ABOUT THIS EXERCISE>
Repeat exactly, and only, the lines of the entries below from the one with "by rewrite /S;" through the one with "elim: s => [|i s [mSF mSG IH]].", both ends included.

Entries taken from a collection:
Lemma mod_eqb0_interval (x n : Z) : (0 < n)%Z -> (0 <= x <= n)%Z ->
  (x mod n =? 0)%Z = ((x =? 0) || (x =? n))%Z.
Proof.
  intros Hn Hx. destruct (Z.eqb_spec x 0) as [->|N0]; [now rewrite Z.mod_0_l by lia|].
  destruct (Z.eqb_spec x n) as [->|Nn]; [now rewrite Z.mod_same by lia|].
  apply Z.eqb_neq. intro E. apply Zmod_divides in E as [c ->]; [|lia].
  assert (c <= 0 \/ c = 1 \/ c >= 2)%Z as [H|[H|H]] by lia; nia.
Qed.

(* Trapezoidal weights on the nodes [0, ..., M]: [1] at the end points, [2] inside. *)
Definition tau (M : nat) (k : Z) : R :=
  if ((k =? 0) || (k =? Z.of_nat M))%Z then 1 else 2.

Lemma trapezoid_sum_ends (M : nat) (C : Z -> R) : (0 < M)%nat ->
  Rsum (Zrange 0 (S M)) (fun k => tau M k * C k) =
  2 * Rsum (Zrange 0 (S M)) C - C 0%Z - C (Z.of_nat M).
Proof.
  intro HM. rewrite (Rsum_ext _ _ (fun k => (2 * C k - (if (k =? 0)%Z then C k else 0))
                                  - (if (k =? Z.of_nat M)%Z then C k else 0))).
  - rewrite !Rsum_minus, Rsum_scal, !Rsum_delta by lia. reflexivity.
  - intros k _. unfold tau.
    destruct (Z.eqb_spec k 0); destruct (Z.eqb_spec k (Z.of_nat M)); simpl; try lia; ring.
Qed.

Lemma cos_sum_half_period (M : nat) (j : Z) : (0 < M)%nat ->
  (j mod (2 * Z.of_nat M) <> 0)%Z ->
  Rsum (Zrange 0 (S M)) (fun k => cos (IZR k * IZR j * PI / INR M)) =
  (1 + cos (IZR j * PI)) / 2.
Proof.
  intros HM E. assert (HMR : 0 < INR M) by (apply lt_0_INR; lia).
  set (t := PI * IZR j / INR M).
  assert (Hs : sin (t / 2) <> 0).
  { intro H. unfold t in H.
    replace (PI * IZR j / INR M / 2) with (PI * IZR j / (2 * INR M)) in H by (field; lra).
    apply sin_PI_frac_eq_0 in H as [k Hk]; [|lra]. apply E.
    rewrite INR_IZR_INZ in Hk.
    replace (IZR k * (2 * IZR (Z.of_nat M))) with (IZR (k * (2 * Z.of_nat M))) in Hk
      by (rewrite !mult_IZR; reflexivity).
    apply eq_IZR in Hk as ->. apply Z_mod_mult. }
  pose proof (cos_sum_telescope t 0 (S M) 0) as T.
  rewrite (Rsum_ext _ (fun l => cos (IZR l * t + 0)) (fun k => cos (IZR k * IZR j * PI / INR M)))
    in T by (intros k _; unfold t; f_equal; field; lra).
  apply Rmult_eq_reg_l with (2 * sin (t / 2)); [|apply Rmult_integral_contrapositive; lra].
  rewrite T, S_INR.
  replace ((IZR 0 + (INR M + 1) - 1 / 2) * t + 0) with (IZR j * PI + t / 2)
    by (unfold t; simpl; field; lra).
  replace ((IZR 0 - 1 / 2) * t + 0) with (- (t / 2)) by (simpl; field).
  rewrite sin_plus, sin_int_PI, sin_neg. field.
Qed.

Lemma cos_sum_trapezoid (M : nat) (j : Z) : (0 < M)%nat ->
  Rsum (Zrange 0 (S M)) (fun k => tau M k * cos (IZR k * IZR j * PI / INR M)) =
  if (j mod (2 * Z.of_nat M) =? 0)%Z then 2 * INR M else 0.
Proof.
  intro HM. assert (HMR : 0 < INR M) by (apply lt_0_INR; lia).
  rewrite trapezoid_sum_ends by auto.
  replace (cos (IZR (Z.of_nat M) * IZR j * PI / INR M)) with (cos (IZR j * PI))
    by (rewrite <- INR_IZR_INZ; f_equal; field; lra).
  replace (cos (IZR 0 * IZR j * PI / INR M)) with 1 by (rewrite <- cos_0; f_equal; simpl; field; lra).
  destruct (Z.eqb_spec (j mod (2 * Z.of_nat M)) 0) as [E|E].
  - (* [j = 2 M q]: every node contributes [1] *)
    apply Zmod_divides in E as [q Hq]; [|lia].
    assert (Hone : forall k, cos (IZR k * IZR j * PI / INR M) = 1).
    { intro k. rewrite Hq, !mult_IZR, <- INR_IZR_INZ.
      replace (IZR k * (2 * INR M * IZR q) * PI / INR M) with (0 + 2 * IZR (k * q) * PI)
        by (rewrite mult_IZR; field; lra). rewrite cos_add_2kPI. apply cos_0. }
    rewrite (Rsum_ext _ _ (fun _ => 1)) by auto.
    rewrite Rsum_const, Zrange_length, S_INR.
    replace (cos (IZR j * PI)) with 1 by (rewrite <- (Hone (Z.of_nat M)), <- INR_IZR_INZ;
                                          f_equal; field; lra).
    ring.
  - rewrite cos_sum_half_period by auto. field.
Qed.

Lemma cos_cos_sum_trapezoid (M : nat) (i j : Z) : (0 < M)%nat ->
  Rsum (Zrange 0 (S M)) (fun k => tau M k *
    (cos (IZR k * IZR (i + j) * PI / (2 * INR M)) *
     cos (IZR k * IZR (i - j) * PI / (2 * INR M)))) =
  INR M * ((if (i mod (2 * Z.of_nat M) =? 0)%Z then 1 else 0) +
           (if (j mod (2 * Z.of_nat M) =? 0)%Z then 1 else 0)).
Proof.
  intro HM. assert (HMR : 0 < INR M) by (apply lt_0_INR; lia).
  rewrite (Rsum_ext _ _ (fun k => / 2 * (tau M k * cos (IZR k * IZR j * PI / INR M)) +
                                  / 2 * (tau M k * cos (IZR k * IZR i * PI / INR M)))).
  - rewrite Rsum_plus, !Rsum_scal, !cos_sum_trapezoid by lia.
    do 2 destruct (_ mod _ =? 0)%Z; field.
  - intros k _. rewrite cos_mul_cos, plus_IZR, minus_IZR.
    replace (IZR k * (IZR i + IZR j) * PI / (2 * INR M) - IZR k * (IZR i - IZR j) * PI / (2 * INR M))
      with (IZR k * IZR j * PI / INR M) by (field; lra).
    replace (IZR k * (IZR i + IZR j) * PI / (2 * INR M) + IZR k * (IZR i - IZR j) * PI / (2 * INR M))
      with (IZR k * IZR i * PI / INR M) by (field; lra).
    field.
Qed.

Lemma parity_cos_sum (a p : Z) (n : nat) (t phi : R) :
  Rsum (Zrange a n) (fun l => (if Z.even (p + l) then 1 else 0) * cos (IZR l * t + phi)) =
  / 2 * Rsum (Zrange a n) (fun l => cos (IZR l * t + phi)) +
  cos (IZR p * PI) / 4 * (Rsum (Zrange a n) (fun l => cos (IZR l * (t + PI) + phi)) +
                          Rsum (Zrange a n) (fun l => cos (IZR l * (t - PI) + phi))).
Proof.
  rewrite <- !Rsum_scal, <- Rsum_plus, <- Rsum_scal, <- Rsum_plus.
  apply Rsum_ext. intros l _. rewrite even_indicator, plus_IZR.
  rewrite Rmult_plus_distr_r, (cos_plus (IZR p * PI)), !sin_int_PI.
  replace (IZR l * (t + PI) + phi) with ((IZR l * t + phi) + IZR l * PI) by ring.
  replace (IZR l * (t - PI) + phi) with ((IZR l * t + phi) - IZR l * PI) by ring.
  rewrite (cos_plus (IZR l * t + phi)), (cos_minus (IZR l * t + phi)), !sin_int_PI. field.
Qed.

Lemma parity_cos_sum_period (a p e : Z) (N : nat) (t phi : R) : (0 < N)%nat ->
  (- Z.of_nat N < e < Z.of_nat N)%Z -> t = IZR e * PI / INR N ->
  Rsum (Zrange a (2 * N))
    (fun l => (if Z.even (p + l) then 1 else 0) * cos (IZR l * t + phi)) =
  if (e =? 0)%Z then INR N * cos phi else 0.
Proof.
  intros HN He ->. assert (HNR : 0 < INR N) by (apply lt_0_INR; lia).
  assert (H2N : (0 < 2 * N)%nat) by lia.
  rewrite parity_cos_sum.
  rewrite (cos_sum_period _ _ e _ _ H2N), (cos_sum_period _ _ (e + Z.of_nat N) _ _ H2N),
          (cos_sum_period _ _ (e - Z.of_nat N) _ _ H2N).
  2-4: rewrite ?plus_IZR, ?minus_IZR, <- ?INR_IZR_INZ, mult_INR; simpl (INR 2); field; lra.
  rewrite Nat2Z.inj_mul, !mod_eqb0_small by lia.
  replace (e + Z.of_nat N =? 0)%Z with false by (symmetry; apply Z.eqb_neq; lia).
  replace (e - Z.of_nat N =? 0)%Z with false by (symmetry; apply Z.eqb_neq; lia).
  destruct (e =? 0)%Z; rewrite ?mult_INR; simpl (INR 2); field.
Qed.
Lemma Lambda_convex a (I : Type) (s : seq I) (P : pred I) (l : I -> R)
    (F G : I -> T -> R) :
  (1 < a)%R -> (forall i, P i -> 0 <= l i)%R ->
  (forall i, P i -> measurable_fun setT (F i)) ->
  (forall i, P i -> measurable_fun setT (G i)) ->
  (forall i z, P i -> 0 <= F i z)%R -> (forall i z, P i -> 0 <= G i z)%R ->
  Lambda mu a (fun z => \sum_(i <- s | P i) l i * F i z)%R
              (fun z => \sum_(i <- s | P i) l i * G i z)%R <=
    \sum_(i <- s | P i) (l i)%:E * Lambda mu a (F i) (G i).
Proof.
move=> a1 l0 mF mG F0 G0.
pose S (H : I -> T -> R) r z := (\sum_(i <- r | P i) l i * H i z)%R.
have S_cons H i r : S H (i :: r) =
    if P i then (fun z => l i * H i z + S H r z)%R else S H r.
  by rewrite /S; case: ifP => Pi; apply/funext => z; rewrite big_cons Pi.
have S_ge0 H r z : (forall i z, P i -> 0 <= H i z)%R -> (0 <= S H r z)%R.
  by move=> H0; apply: sumr_ge0 => i Pi; rewrite mulr_ge0 ?l0 ?H0.
have mlF i : P i -> measurable_fun setT (fun z => l i * F i z)%R.
  by move=> Pi; apply: measurable_funM; [exact: measurable_cst | exact: mF].
have mlG i : P i -> measurable_fun setT (fun z => l i * G i z)%R.
  by move=> Pi; apply: measurable_funM; [exact: measurable_cst | exact: mG].
(* The induction carries the measurability of the partial sums, needed by [Lambda_subadd]. *)
suff : [/\ measurable_fun setT (S F s), measurable_fun setT (S G s) &
  Lambda mu a (S F s) (S G s) <= \sum_(i <- s | P i) (l i)%:E * Lambda mu a (F i) (G i)].
  by case.
elim: s => [|i s [mSF mSG IH]].
  have S_nil H : S H [::] = fun=> 0%R by apply/funext => z; rewrite /S big_nil.
  rewrite !S_nil big_nil /Lambda; split; try exact: measurable_cst.
  by under eq_integral do rewrite renyi_pt0l; rewrite integral0.
rewrite !S_cons big_cons; case: ifP => Pi //; split.
- exact: measurable_funD (mlF i Pi) mSF.
- exact: measurable_funD (mlG i Pi) mSG.
apply: le_trans.
  apply: Lambda_subadd; [exact: a1 | exact: mlF | exact: mSF | exact: mlG | exact: mSG | ..];
    by move=> z; rewrite ?mulr_ge0 ?l0 ?F0 ?G0 ?S_ge0.
rewrite (@LambdaZ a (l i) (F i) (G i) (l0 _ Pi) (mF _ Pi) (mG _ Pi)) ?leeD2l //.
- by move=> z; exact: F0.
- by move=> z; exact: G0.
Qed.

End Lambda_convexity.

Lemma convex_comb_le (R : realType) (I : Type) (s : seq I) (P : pred I)
    (l : I -> R) (L : I -> \bar R) (M : \bar R) :
  (forall i, P i -> 0 <= l i) -> \sum_(i <- s | P i) l i = 1 ->
  (forall i, P i -> L i <= M)%E ->
  (\sum_(i <- s | P i) (l i)%:E * L i <= M)%E.
Proof.
move=> l0 l1 LM; apply: (@le_trans _ _ (\sum_(i <- s | P i) (l i)%:E * M)%E).
  by apply: lee_sum => i Pi; rewrite lee_wpmul2l ?lee_fin ?l0 ?LM.
by rewrite -ge0_sume_distrl => [|i Pi]; rewrite ?sumEFin ?l1 ?mul1e ?lee_fin ?l0.
Qed.

Lemma mix_id (R : realType) (U : Type) (w : R) (f : U -> R) : mix w f f = f.
Proof. by apply: funext => z; rewrite /mix -mulrDl subrK mul1r. Qed.

Section mix_density.
Variables (R : realType) (d : measure_display) (T : measurableType d).
Variables (w : R) (f g : T -> R).

Lemma measurable_mix : measurable_fun setT f -> measurable_fun setT g ->
  measurable_fun setT (mix w f g).
Proof.
by move=> mf mg; apply: measurable_funD; apply: measurable_funM => //; exact: measurable_cst.
Qed.

Lemma mix_ge0 z : 0 <= w <= 1 -> 0 <= f z -> 0 <= g z -> 0 <= mix w f g z.
Proof. by move=> /andP[w0 w1] f0 g0; rewrite /mix addr_ge0 // mulr_ge0 // subr_ge0. Qed.

End mix_density.

Section batch_distance.
Variable A : finType.
Implicit Types y S : {set A}.

Lemma dpm_le_refl n y : dpm_le n y y.
Proof. by case: n => [|n] //; left; elim: n => [|n IH] //; left. Qed.

Lemma dpm_le2_exchange S e f : e \notin S -> f \notin S -> dpm_le 2 (e |: S) (f |: S).
Proof.
move=> eS fS; right; exists S; split; last by left; exists f.
by right; exists (e |: S); split => //; right; exists e; rewrite setU11 finset.setU1K.
Qed.
Definition alt_datum (M : nat) (x : int) : R :=
  if x is Posz n then (if odd n && (n < M.*2)%N then (-1) ^+ n./2 else 0) else 0.

Lemma alt_datum_bound M y : `|alt_datum M y| <= 1.
Proof.
case: y => n /=; last by rewrite normr0.
by case: ifP => _; rewrite ?normr0 // normrX normrN1 expr1n.
Qed.

Lemma altsum_alt_datum M : altsum M (alt_datum M) = M%:R.
Proof.
rewrite /altsum (eq_bigr (fun=> 1)) ?sumr_const ?card_ord // => k _ /=.
have -> : (k.*2.+1 < M.*2)%N by have := ltn_ord k; lia.
by rewrite odd_double /= uphalf_double -exprMn mulrNN mulr1 expr1n.
Qed.

Lemma sum_nat_lt_le (c N : nat) : \sum_(0 <= n < N) (((n < c)%N)%:R : R) <= c%:R.
Proof.
have -> : \sum_(0 <= n < N) (((n < c)%N)%:R : R) = (minn N c)%:R.
  elim: N => [|N IH]; first by rewrite big_mkord big_ord0 min0n.
  rewrite big_nat_recr //= IH -natrD; congr (_%:R).
  by case: (ltnP N c) => h /=; lia.
by rewrite ler_nat geq_minr.
Qed.

Lemma l2sq_alt_datum M : (l2sq (alt_datum M) <= (M.*2)%:R%:E)%E.
Proof.
rewrite l2sq_window_sup; apply: ge_ereal_sup => _ [N _ <-]; rewrite lee_fin.
apply: le_trans (sum_nat_lt_le (M.*2) N); apply: ler_sum => n _ /=.
rewrite expr0n /= addr0.
case: ifP => [/andP[_ ->]|_]; last by rewrite expr0n /= ler0n.
by rewrite -exprM mulnC exprM sqrrN !expr1n.
Qed.

End alternating_datum.
(* For every small category $C$, the category $Sd^2(C)=Sd(Sd(C))$ is a poset; that is, for any two objects $X,Y$ of $Sd^2(C)$ there is at most one morphism $X\to Y$, and if there are morphisms $X\to Y$ and $Y\to X$ then $X=Y$.
   Context: Let $C$ be a small category. For $q\ge 0$ let $[q]=\{0<1<\dots<q\}$, viewed as a category. A $q$-simplex of the nerve $NC$ is a functor $X:[q]\to C$, i.e. a chain $X_0\to X_1\to\dots\to X_q$ of $q$ composable arrows of $C$; write $q_X=q$. A simplex is degenerate if it is of the form $Y\circ s$ for a simplex $Y$ and a surjective order-preserving map $s:[q]\to[p]$ with $p<q$ (equivalently, one of its arrows $X_{i-1}\to X_i$ is an identity); otherwise it is non-degenerate. The category $\Delta/C$ has as objects all simplices of $NC$ (of all dimensions $q\ge0$), and a morphism $X\to Y$ is an order-preserving map $\xi:[q_X]\to[q_Y]$ with $Y\circ\xi=X$, written $\xi_*$; composition is composition of maps. Given a simplex $X$ of dimension $q$ and a surjective order-preserving $s:[q+1]\to[q]$, let $d,d':[q]\to[q+1]$ be the two order-preserving right inverses of $s$; the two morphisms $d_*,d'_*:X\to X\circ s$ are called elementary equivalent. Let $\sim$ be the smallest equivalence relation on the morphisms of $\Delta/C$ (relating only morphisms with the same source and target) which is compatible with composition and contains all pairs of elementary equivalent morphisms. $[\Delta/C]$ is the quotient category with the same objects and with morphisms the $\sim$-classes $[\xi_*]$. The subdivision $Sd(C)$ is the full subcategory of $[\Delta/C]$ whose objects are the non-degenerate simplices of $NC$. Since $Sd(C)$ is again a small category, $Sd^2(C)=Sd(Sd(C))$ is defined by applying the same construction to $Sd(C)$. *)

From Stdlib Require Import ProofIrrelevance FunctionalExtensionality
  PropExtensionality IndefiniteDescription.
From mathcomp Require Import all_boot.

Set Implicit Arguments.
Unset Strict Implicit.
Unset Printing Implicit Defensive.

(** * Small categories (composition written in diagrammatic order). *)
Record Cat := MkCat {
  Ob :> Type;
  Hom : Ob -> Ob -> Type;
  idc : forall a, Hom a a;
  compc : forall a b c, Hom a b -> Hom b c -> Hom a c;
  comp1c : forall a b (f : Hom a b), compc (idc a) f = f;
  compc1 : forall a b (f : Hom a b), compc f (idc b) = f;
  compcA : forall a b c d (f : Hom a b) (g : Hom b c) (h : Hom c d),
      compc f (compc g h) = compc (compc f g) h
}.
Arguments Hom : clear implicits.
Arguments idc {C} a : rename.
Arguments compc {C a b c} f g : rename.

(** * Order-preserving maps [p] -> [q], where [q] = 'I_q.+1 = {0<...<q}. *)
Definition mono (p q : nat) :=
  {f : 'I_p.+1 -> 'I_q.+1 | forall i j : 'I_p.+1, i <= j -> f i <= f j}.

Definition mono_id (p : nat) : mono p p := @exist _ (fun f : 'I_p.+1 -> 'I_p.+1 => forall i j : 'I_p.+1, i <= j -> f i <= f j) id (fun i j h => h).

Definition mono_comp p q r (xi : mono p q) (eta : mono q r) : mono p r :=
  @exist _ (fun f : 'I_p.+1 -> 'I_r.+1 => forall i j : 'I_p.+1, i <= j -> f i <= f j)
    (fun i => proj1_sig eta (proj1_sig xi i))
    (fun i j h => proj2_sig eta _ _ (proj2_sig xi i j h)).

(** * Simplices of the nerve: functors [q] -> C. *)
Section Nerve.
Variable C : Cat.

Record simplex := Simplex {
  sdim : nat;
  sob : 'I_sdim.+1 -> Ob C;
  shom : forall i j : 'I_sdim.+1, i <= j -> Hom C (sob i) (sob j);
  shom_id : forall (i : 'I_sdim.+1) (h : i <= i), shom h = idc (sob i);
  shom_comp : forall i j k : 'I_sdim.+1, forall (hij : i <= j) (hjk : j <= k) (hik : i <= k),
      shom hik = compc (shom hij) (shom hjk)
}.

Arguments sob s i : clear implicits.
Arguments shom s {i j} h.
Arguments sdim s : clear implicits.

Definition scomp (Y : simplex) p (xi : mono p (sdim Y)) : simplex.
Proof.
refine (@Simplex p (fun i => sob Y (proj1_sig xi i))
          (fun i j h => shom Y (proj2_sig xi i j h)) _ _).
- by move=> i h; apply: shom_id.
- by move=> i j k hij hjk hik; apply: shom_comp.
Defined.

Lemma simplex_ext n ob (h1 h2 : forall i j : 'I_n.+1, i <= j -> Hom C (ob i) (ob j))
  p1 p2 q1 q2 :
  (forall i j h, h1 i j h = h2 i j h) ->
  @Simplex n ob h1 p1 q1 = @Simplex n ob h2 p2 q2.
Proof.
move=> e.
have E : h1 = h2.
  apply: functional_extensionality_dep => i.
  apply: functional_extensionality_dep => j.
  apply: functional_extensionality_dep => h.
  exact: e.
subst h2; f_equal; apply: proof_irrelevance.
Qed.

Lemma scomp_id (X : simplex) : scomp (mono_id (sdim X)) = X.
Proof. by case: X => n ob h p q; apply: simplex_ext. Qed.
Lemma nonunit_pow_dvd (x y : A) :
  x != 0 -> y \isn't a GRing.unit -> exists n t, y ^+ n = t * x.
Proof.
move=> /unit_mul_uniformizer_pow [k [u [u_unit ->]]] /nonunitP [z ->].
by exists k, (z ^+ k * u^-1); rewrite exprMn -mulrA (mulrA u^-1) mulVr ?mul1r.
Qed.

Variables (F : fieldType) (V : {rmorphism A -> F}).
Hypothesis kerV : forall x : A, V x = 0 <-> principal_ideal p x.

Lemma unit_of_residue_neq0 (x : A) : V x != 0 -> x \is a GRing.unit.
Proof. by apply: contraNT => /nonunitP /kerV ->. Qed.

Lemma residue_eq0_pow_dvd (x y : A) :
  x != 0 -> V y = 0 -> exists n t, y ^+ n = t * x.
Proof. by move=> x0 /kerV /nonunitP; apply: nonunit_pow_dvd. Qed.

End DiscreteValuation.

Section QuotientModule.
Variables (R : pzRingType) (V : lmodType R) (L : V -> Prop).
Hypothesis L_closed : [/\ L 0, (forall x y, L x -> L y -> L (x + y))
  & (forall (r : R) x, L x -> L (r *: x))].

Let L0 : L 0 := let: And3 h _ _ := L_closed in h.
Let LD : forall x y, L x -> L y -> L (x + y) := let: And3 _ h _ := L_closed in h.
Let LZ : forall (r : R) x, L x -> L (r *: x) := let: And3 _ _ h := L_closed in h.

Lemma submodN x : L x -> L (- x).
Proof. by rewrite -scaleN1r; apply: LZ. Qed.

Lemma submodB x y : L x -> L y -> L (x - y).
Proof. by move=> Lx Ly; apply/LD/submodN. Qed.

Definition qrep (x : V) : V := epsilon (inhabits 0) (fun y => L (x - y)).

Lemma qrepP x : L (x - qrep x).
Proof.
by apply: (epsilon_spec (inhabits 0) (fun y => L (x - y))); exists x; rewrite subrr; apply: L0.
Qed.

Lemma qrep_eq x y : L (x - y) -> qrep x = qrep y.
Proof.
move=> Lxy; congr (epsilon _ _); apply: functional_extensionality => z.
apply: propositional_extensionality; split => Lz.
- have -> : y - z = (x - z) - (x - y) by rewrite opprB [RHS]addrC addrA subrK.
  exact: submodB.
- have -> : x - z = (x - y) + (y - z) by rewrite addrA subrK.
  exact: LD.
Qed.

Lemma qrepK x : qrep (qrep x) = qrep x.
Proof. by apply: qrep_eq; rewrite -opprB; apply/submodN/qrepP. Qed.

(* Mentioning [L_closed] makes the type, hence its canonical instances,
   depend on the closure proof. *)
Definition quot : Type := let _ := L_closed in {x : V | qrep x == x}.
HB.instance Definition _ := Choice.on quot.

Definition qproj (x : V) : quot := exist _ (qrep x) (introT eqP (qrepK x)).

Lemma qprojK (q : quot) : qproj (sval q) = q.
Proof. by case: q => x qx; apply: val_inj => /=; apply/eqP. Qed.

Lemma qproj_eq x y : qproj x = qproj y <-> L (x - y).
Proof.
split=> [/(congr1 sval) /= e | /qrep_eq e]; last by apply: val_inj.
have -> : x - y = (x - qrep x) - (y - qrep y) by rewrite e opprB addrA subrK.
by apply: submodB; apply: qrepP.
Qed.

Lemma qind (P : quot -> Prop) : (forall x, P (qproj x)) -> forall q, P q.
Proof. by move=> Pproj q; rewrite -(qprojK q). Qed.

Definition qadd (a b : quot) : quot := qproj (sval a + sval b).
Definition qopp (a : quot) : quot := qproj (- sval a).
Definition qscale (r : R) (a : quot) : quot := qproj (r *: sval a).

Lemma qaddE x y : qadd (qproj x) (qproj y) = qproj (x + y).
Proof.
apply/qproj_eq => /=.
have -> : qrep x + qrep y - (x + y) = - ((x - qrep x) + (y - qrep y)).
  by rewrite !opprD !opprK addrACA [- x + _]addrC [- y + _]addrC.
by apply/submodN/LD; apply: qrepP.
Qed.

Lemma qoppE x : qopp (qproj x) = qproj (- x).
Proof. by apply/qproj_eq => /=; rewrite opprK addrC; apply: qrepP. Qed.

Lemma qscaleE r x : qscale r (qproj x) = qproj (r *: x).
Proof.
apply/qproj_eq => /=; rewrite -scalerBr -[qrep x - x]opprB.
by apply/LZ/submodN/qrepP.
Qed.

Lemma qaddA : associative qadd.
Proof. by elim/qind => x; elim/qind => y; elim/qind => z; rewrite !qaddE addrA. Qed.

Lemma qaddC : commutative qadd.
Proof. by elim/qind => x; elim/qind => y; rewrite !qaddE addrC. Qed.

Lemma qadd0 : left_id (qproj 0) qadd.
Proof. by elim/qind => x; rewrite qaddE add0r. Qed.

Lemma qaddN : left_inverse (qproj 0) qopp qadd.
Proof. by elim/qind => x; rewrite qoppE qaddE addNr. Qed.

HB.instance Definition _ := GRing.isZmodule.Build quot qaddA qaddC qadd0 qaddN.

OUTPUT BELOW>
  by rewrite /S; case: ifP => Pi; apply/funext => z; rewrite big_cons Pi.
have S_ge0 H r z : (forall i z, P i -> 0 <= H i z)%R -> (0 <= S H r z)%R.
  by move=> H0; apply: sumr_ge0 => i Pi; rewrite mulr_ge0 ?l0 ?H0.
have mlF i : P i -> measurable_fun setT (fun z => l i * F i z)%R.
  by move=> Pi; apply: measurable_funM; [exact: measurable_cst | exact: mF].
have mlG i : P i -> measurable_fun setT (fun z => l i * G i z)%R.
  by move=> Pi; apply: measurable_funM; [exact: measurable_cst | exact: mG].
(* The induction carries the measurability of the partial sums, needed by [Lambda_subadd]. *)
suff : [/\ measurable_fun setT (S F s), measurable_fun setT (S G s) &
  Lambda mu a (S F s) (S G s) <= \sum_(i <- s | P i) (l i)%:E * Lambda mu a (F i) (G i)].
  by case.
elim: s => [|i s [mSF mSG IH]].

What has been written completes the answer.